Für einen individuellen Ausdruck passen Sie bitte dieEinstellungen in der Druckvorschau Ihres Browsers an. Regelwerk, EU 2026, Gefahrgut/Transport - EU Bund |
Durchführungsverordnung (EU) 2026/1821 der Kommission vom 27. Juli 2026 zur Änderung der Durchführungsverordnung (EU) 2015/1018 zur Festlegung einer Liste zur Einstufung meldepflichtiger Ereignisse in der Zivilluftfahrt in Bezug auf unbemannte Luftfahrzeugsysteme (UAS), U-Space-Ereignisse und Teil-IS-Ereignisse sowie zur Ausnahme bestimmter Ereignisse im Bereich der Luftsicherheit von den Meldepflichten
(Text von Bedeutung für den EWR)
(ABl. L 2026/1821 vom 28.07.2026)
gestützt auf den Vertrag über die Arbeitsweise der Europäischen Union,
gestützt auf die Verordnung (EU) Nr. 376/2014 des Europäischen Parlaments und des Rates vom 3. April 2014 über die Meldung, Analyse und Weiterverfolgung von Ereignissen in der Zivilluftfahrt, zur Änderung der Verordnung (EU) Nr. 996/2010 des Europäischen Parlaments und des Rates und zur Aufhebung der Richtlinie 2003/42/EG des Europäischen Parlaments und des Rates und der Verordnungen (EG) Nr. 1321/2007 und (EG) Nr. 1330/2007 der Kommission 1, insbesondere auf Artikel 4 Absatz 5,
in Erwägung nachstehender Gründe:
(1) Gemäß Artikel 4 Absatz 5 Unterabsatz 1 der Verordnung (EU) Nr. 376/2014 legt die Kommission eine Liste zur Einstufung von Ereignissen fest, auf die Bezug zu nehmen ist, wenn im Rahmen der Systeme zur Erfassung meldepflichtiger Ereignisse gemäß der genannten Verordnung Ereignisse gemeldet werden, die in eine der Kategorien nach Artikel 4 Absatz 1 jener Verordnung fallen.

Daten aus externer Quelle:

Arguments is_future_cover {A} Y K phi.
Arguments regular {A} G Y.

(* A follower set F(y) depends only on the set of vertices of a fixed presentation G0 at
   which a left-infinite path labeled y_(-oo,-1] can end: it is the union of the follower
   sets in G0 of these vertices, so there are finitely many follower sets.  In a
   right-resolving, regular, follower-separated presentation G, the map v |-> f_G(v)
   injects the vertices into the follower sets and satisfies f_G(t e) = {w | L e w in
   f_G(s e)}; when it is onto, it is therefore a future-cover labeling of G.  Conversely,
   along a path of a future cover the vertex labels are the successive derivatives of a
   follower set, so every central block of the label of a bi-infinite path occurs in Y,
   which is closed by König's lemma since Y is the label image of a finite graph.  Two
   future covers are isomorphic through their vertex labelings, edges being matched by
   right-resolvingness. *)

From mathcomp Require Import all_boot all_order all_algebra.
From mathcomp Require Import boolp zify.
Set Implicit Arguments. Unset Strict Implicit. Unset Printing Implicit Defensive.
Import GRing.Theory.
Local Open Scope ring_scope.

Lemma finite_decreasing_meet (T : finType) (Q : nat -> T -> Prop) :
  (forall n m t, (n <= m)%N -> Q m t -> Q n t) ->
  (forall n, exists t, Q n t) -> exists t, forall n, Q n t.
Proof.
move=> Qdec Qne; apply: contrapT; rewrite -forallNE => noQ.
have /choice[bad badP] : forall t, exists n, ~ Q n t.
  by move=> t; apply/existsNP; apply: noQ.
have [t Qt] := Qne (\max_t bad t)%N.
by apply: (badP t); apply: Qdec Qt; apply: leq_bigmax.
Qed.

Section HasCard.
Variables (U : Type) (S : U -> Prop).

Lemma image_has_card (T : finType) (g : T -> U) :
  (forall u, S u -> exists t, g t = u) -> exists N, has_card S N.
Proof.
move=> Sg.
pose rep t := odflt t [pick s | `[< g s = g t >]].
have rep_g t : g (rep t) = g t by rewrite /rep; case: pickP => [s /asboolP|].
have rep_eq t t' : g t = g t' -> rep t = rep t'.
  move=> eqg; rewrite /rep (eq_pick (_ : _ =1 fun s => `[< g s = g t' >])).
    by case: pickP => //= /(_ t'); rewrite asboolT.
  by move=> s; rewrite eqg.
pose C := [set rep t | t in [set t | `[< S (g t) >]]].
exists #|C|, (fun i => g (enum_val i)); split.
  move=> i j; have /imsetP[t _ ti] := enum_valP i; have /imsetP[t' _ tj] := enum_valP j.
  by rewrite ti tj !rep_g => /rep_eq eqr; apply: enum_val_inj; rewrite ti tj eqr.
move=> u; split=> [Su | [i <-]].
  have [t gt] := Sg u Su.
  have Ct : rep t \in C by apply: imset_f; rewrite inE; apply/asboolP; rewrite gt.
  by exists (enum_rank_in Ct (rep t)); rewrite enum_rankK_in // rep_g.
by have /imsetP[t + ->] := enum_valP i; rewrite inE rep_g => /asboolP.
Qed.

Variables (N : nat) (HS : has_card S N).

Lemma has_card_le (T : finType) (h : T -> U) :
  injective h -> (forall t, S (h t)) -> (#|T| <= N)%N.
Proof.
move=> hinj hS; case: HS => f [finj fS].
have /choice[g fg] : forall t, exists i, f i = h t by move=> t; apply/fS.
rewrite -[N]card_ord; apply: (@leq_card _ _ g) => t t' eqg.
by apply: hinj; rewrite -!fg eqg.
Qed.

Lemma has_card_ge (T : finType) (h : T -> U) :
  (forall u, S u -> exists t, h t = u) -> (N <= #|T|)%N.
Proof.
move=> hS; case: HS => f [finj fS].
have /choice[g hg] : forall i, exists t, h t = f i.
  by move=> i; apply/hS/fS; exists i.
rewrite -[N]card_ord; apply: (@leq_card _ _ g) => i j eqg.
by apply: finj; rewrite -!hg eqg.
Qed.

Lemma has_card_onto (T : finType) (h : T -> U) :
  injective h -> (forall t, S (h t)) -> #|T| = N -> forall u, S u -> exists t, h t = u.
Proof.
move=> hinj hS cardT u Su; apply: contrapT; rewrite -forallNE => hu.
(* Otherwise [h] extends injectively to [option T], which has too many elements. *)
suff : (#|{: option T}| <= N)%N by rewrite card_option cardT ltnn.
apply: (@has_card_le _ (fun o => if o is Some t then h t else u)); last by case.
move=> [t|] [t'|] //= eqh; first by rewrite (hinj _ _ eqh).
  by case: (hu t).
by case: (hu t'); rewrite eqh.
Qed.

End HasCard.

Lemma addPosz1 (n : nat) : n%:Z + 1 = n.+1%:Z.
Proof. by rewrite -PoszD addn1. Qed.

Lemma addNegz01 : Negz 0 + 1 = 0.
Proof. by rewrite NegzE addNr. Qed.
(* Let $\tau$ be a type and let $X$ be a finite set of ordinals. There is a construction scheme over $X$ of type $\tau$ if and only if $|X|=m_k$ for some $k\in\omega$. Moreover, if there is a construction scheme over $X$ of type $\tau$, it is unique.
   Context: A type is a sequence $\tau=\{(m_k,n_{k+1},r_{k+1})\}_{k\in\omega}$ of natural numbers with $m_0=1$; $n_k\ge2$ for $k\ge1$; every $r\in\omega$ equals $r_k$ for infinitely many $k$; $m_k>r_{k+1}$; and $m_{k+1}=r_{k+1}+(m_k-r_{k+1})n_{k+1}$ for all $k$. For a set of ordinals $X$ and $\mathcal F\subseteq[X]^{<\omega}$, $\mathcal F_k$ is the set of elements of rank $k$ in the well-founded order $(\mathcal F,\subsetneq)$; $A\sqsubseteq B$ means $A\subseteq B$ and every element of $B$ below an element of $A$ is in $A$; $A<B$ means every element of $A$ is below every element of $B$. $\mathcal F$ is a construction scheme over $X$ of type $\tau$ if (1) every finite subset of $X$ lies in a member of $\mathcal F$; (2) $|F|=m_k$ for $F\in\mathcal F_k$; (3) $E\cap F\sqsubseteq E$ and $E\cap F\sqsubseteq F$ for $E,F\in\mathcal F_k$; (4) each $F\in\mathcal F_{k+1}$ is the union of uniquely determined $F_0,\dots,F_{n_{k+1}-1}\in\mathcal F_k$ forming a $\Delta$-system with root $R(F)$, $|R(F)|=r_{k+1}$, and $R(F)<F_0\setminus R(F)<\dots<F_{n_{k+1}-1}\setminus R(F)$. *)

From HB Require Import structures.
From mathcomp Require Import all_boot all_order.
From mathcomp Require Import finmap.
Set Implicit Arguments. Unset Strict Implicit. Unset Printing Implicit Defensive.
Import Order.TTheory.

(* A type tau = {(m_k, n_{k+1}, r_{k+1})}_k, given by three sequences
   m n r : nat -> nat (n 0 and r 0 are unused). *)
Definition is_type (m n r : nat -> nat) : Prop :=
  [/\ m 0 = 1,
      (forall k, 1 <= k -> 2 <= n k),
      (forall x N, exists k, N < k /\ r k = x),
      (forall k, r k.+1 < m k) &
      (forall k, m k.+1 = r k.+1 + (m k - r k.+1) * n k.+1)].

Local Open Scope fset_scope.

Section CS.
Context {disp : Order.disp_t} {T : orderType disp}.

Definition set_lt (A B : {fset T}) : Prop :=
  forall a b, a \in A -> b \in B -> (a < b)%O.

Definition init_seg (A B : {fset T}) : Prop :=
  A `<=` B /\ (forall b a, b \in B -> a \in A -> (b < a)%O -> b \in A).

(* Rank in the well-founded order (F, proper inclusion):
   rank A = sup { rank B + 1 : B in F, B proper subset of A }.
   The fuel #|A|.+1 suffices since proper subsets are strictly smaller. *)
Fixpoint rank_aux (F : {fset {fset T}}) (fuel : nat) (A : {fset T}) : nat :=
  match fuel with
  | 0 => 0
  | fuel'.+1 => \max_(B <- F | B `<` A) (rank_aux F fuel' B).+1
  end.

Definition rank (F : {fset {fset T}}) (A : {fset T}) : nat :=
  rank_aux F (#|` A|).+1 A.

Definition level (F : {fset {fset T}}) (k : nat) (A : {fset T}) : Prop :=
  A \in F /\ rank F A = k.

Definition decomposition (F : {fset {fset T}}) (k p rr : nat)
    (A : {fset T}) (s : 'I_p -> {fset T}) : Prop :=
  exists R : {fset T},
    [/\ (forall i, level F k (s i)),
        A = \bigcup_(i <- enum (ordinal p)) s i,
        (forall i j, i != j -> s i `&` s j = R) /\ #|` R| = rr,
        (forall i, set_lt R (s i `\` R)) &
        (forall i j : 'I_p, (i < j)%N -> set_lt (s i `\` R) (s j `\` R))].

Definition construction_scheme (m n r : nat -> nat)
    (X : {fset T}) (F : {fset {fset T}}) : Prop :=
  [/\ (forall A, A \in F -> A `<=` X),
      (forall A, A `<=` X -> exists2 B, B \in F & A `<=` B),
      (forall k A, level F k A -> #|` A| = m k),
      (forall k E G, level F k E -> level F k G ->
          init_seg (E `&` G) E /\ init_seg (E `&` G) G) &
      (forall k A, level F k.+1 A ->
          exists s : 'I_(n k.+1) -> {fset T},
            decomposition F k (r k.+1) A s /\
            (forall s' : 'I_(n k.+1) -> {fset T},
                decomposition F k (r k.+1) A s' -> forall i, s' i = s i))].

End CS.

(* In a scheme over X the top element is X itself, and the
   levels are recovered from the top down: an element E of level k meets the
   level-(k+1) set A containing max E in an initial segment of E, so E is one
   of the pieces of A.  These pieces are determined by A: a Delta-system
   R < F_0 \ R < ... < F_(p-1) \ R with pieces of equal size is unique, since
   R and every prefix F_0 u ... u F_i are initial segments of A whose sizes
   are fixed.

   If |X| = m_k, enumerate X increasingly by g on [0, m_k) and let
   the level-j sets be the images of g composed with embeddings
   [0, m_j) -> [0, m_(j+1)) for the successive levels, where the i-th embedding
   fixes the root [0, r_(j+1)) and shifts the rest by i (m_j - r_(j+1)).  Two
   such compositions of the same level agree on an initial segment of [0, m_j)
   and take no other common values, which gives the initial-segment axiom. *)

From HB Require Import structures.
From mathcomp Require Import all_boot all_order.
From mathcomp Require Import finmap zify boolp.
Set Implicit Arguments. Unset Strict Implicit. Unset Printing Implicit Defensive.
Import Order.TTheory.

Section TypeArithmetic.
Variables (m n r : nat -> nat).
Hypothesis ty : is_type m n r.

Lemma type_n_gt1 k : 1 < n k.+1.
Proof. by case: ty => _ + _ _ _; apply. Qed.

Lemma type_mS k : m k.+1 = r k.+1 + (m k - r k.+1) * n k.+1.
Proof. by case: ty => _ _ _ _; apply. Qed.

Lemma type_r_lt k : r k.+1 < m k.
Proof. by case: ty => _ _ _ + _; apply. Qed.

Lemma type_m_ltS k : m k < m k.+1.
Proof. by rewrite type_mS; have := type_r_lt k; have := type_n_gt1 k; nia. Qed.

Lemma type_m_homo : {homo m : j j' / j < j'}.
Proof. exact: homo_ltn ltn_trans type_m_ltS. Qed.

Lemma type_m_leq : {mono m : j j' / j <= j'}.
Proof. exact: leq_mono type_m_homo. Qed.

Lemma type_m_inj : injective m.
Proof. exact: incn_inj type_m_leq. Qed.

Lemma type_m_gt0 k : 0 < m k.
Proof. by case: k => [|k]; [case: ty => -> | exact: leq_ltn_trans (type_m_ltS k)]. Qed.

End TypeArithmetic.

Local Open Scope fset_scope.

Lemma rank_aux_fuel disp (T : orderType disp) (F : {fset {fset T}}) f f' (A : {fset T}) :
  #|` A| < f -> #|` A| < f' -> rank_aux F f A = rank_aux F f' A.
Proof.
elim: f f' A => [|f IH] [|f'] A //= hf hf'.
apply: eq_bigr => B /fproper_ltn_card ltBA; congr S.
by apply: IH; apply: leq_trans ltBA _; rewrite -ltnS.
Qed.

Lemma rankE disp (T : orderType disp) (F : {fset {fset T}}) (A : {fset T}) :
  rank F A = \max_(B <- F | B `<` A) (rank F B).+1.
Proof.
apply: eq_bigr => B /fproper_ltn_card ltBA; congr S.
exact: rank_aux_fuel.
Qed.

Section InitialSegments.
Context {disp : Order.disp_t} {T : orderType disp}.
Implicit Types (A B E R : {fset T}).

Lemma init_seg_total A R R' :
  init_seg R A -> init_seg R' A -> R `<=` R' \/ R' `<=` R.
Proof.
move=> [RA segR] [R'A segR'].
case: (boolP (R' `<=` R)) => [|/fsubsetPn[y yR' yR]]; first by right.
left; apply/fsubsetP => x xR.
have yA := fsubsetP R'A y yR'; have xA := fsubsetP RA x xR.
case: (ltgtP x y) => [xy|yx|xy]; first exact: segR' xy.
  by case/negP: yR; exact: segR yx.
by move: yR; rewrite -xy xR.
Qed.

Lemma init_seg_card_inj A R R' :
  init_seg R A -> init_seg R' A -> #|` R| = #|` R'| -> R = R'.
Proof.
move=> segR segR' eqRR'; apply/eqP.
case: (init_seg_total segR segR') => sub; first by rewrite eqEfcard sub eqRR' leqnn.
by rewrite eq_sym eqEfcard sub eqRR' leqnn.
Qed.

Lemma init_seg_max B E e :
  init_seg B E -> e \in B -> (forall x, x \in E -> (x <= e)%O) -> E `<=` B.
Proof.
move=> [_ segB] eB maxe; apply/fsubsetP => x xE.
by have := maxe x xE; rewrite le_eqVlt => /predU1P[-> //|]; exact: segB.
Qed.

Lemma fset_max E : E != fset0 -> exists2 e, e \in E & forall x, x \in E -> (x <= e)%O.
Proof.
case/fset0Pn => e0 e0E; exists (\big[Order.max/e0]_(x <- E) x).
  rewrite big_seq; apply: (big_ind (fun y => y \in E)) => // x y xE yE.
  by rewrite /Order.max; case: ifP.
by move=> x xE; apply: le_bigmax_seq.
Qed.

End InitialSegments.

Section DeltaSystems.
Context {disp : Order.disp_t} {T : orderType disp}.
Implicit Types (A R : {fset T}).

Definition ordered_delta A p (s : 'I_p -> {fset T}) R : Prop :=
  [/\ A = \bigcup_(i <- enum 'I_p) s i,
      (forall i j, i != j -> s i `&` s j = R),
      (forall i, set_lt R (s i `\` R)) &
      (forall i j : 'I_p, (i < j)%N -> set_lt (s i `\` R) (s j `\` R))].

Lemma decompositionP (F : {fset {fset T}}) k rr A p (s : 'I_p -> {fset T}) :
  decomposition F k rr A s <->
  exists R, [/\ forall i, level F k (s i), ordered_delta A s R & #|` R| = rr].
Proof.
by split=> [[R [? ? [? ?] ? ?]]|[R [? [? ? ? ?] ?]]]; exists R.
Qed.

Definition prefix_union p (s : 'I_p -> {fset T}) (i : nat) : {fset T} :=
  \bigcup_(l <- enum 'I_p | (l < i)%N) s l.

Lemma bigcup_ordP p (s : 'I_p -> {fset T}) (P : pred 'I_p) x :
  reflect (exists2 i, P i & x \in s i) (x \in \bigcup_(i <- enum 'I_p | P i) s i).
Proof.
apply: (iffP (bigfcupP _ _ _ _)) => [[i /andP[_ Pi] xi]|[i Pi xi]]; exists i => //.
by rewrite mem_enum Pi.
Qed.

Section OrderedDelta.
Variables (A : {fset T}) (p : nat) (s : 'I_p -> {fset T}) (R : {fset T}).
Hypotheses (p_gt1 : 1 < p) (dS : ordered_delta A s R).

Lemma delta_piece_sub i : s i `<=` A.
Proof.
case: dS => -> _ _ _; apply/fsubsetP => x xi.
by apply/bigcup_ordP; exists i.
Qed.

(2) Die Durchführungsverordnung (EU) 2015/1018 der Kommission 2 enthält eine Liste zur Einstufung von Ereignissen in der Zivilluftfahrt, die gemäß der Verordnung (EU) Nr. 376/2014 meldepflichtig sind.
(3) Die von der Kommission im Jahr 2020 durchgeführte Bewertung der Verordnung (EU) Nr. 376/2014 3 ergab, dass Ereignisse im Zusammenhang mit unbemannten Luftfahrzeugsystemen (Unmanned aircraft systems, UAS) zwar in den Anwendungsbereich der genannten Verordnung fallen, jedoch Klarheit darüber erforderlich ist, was ein meldepflichtiges Ereignis darstellt.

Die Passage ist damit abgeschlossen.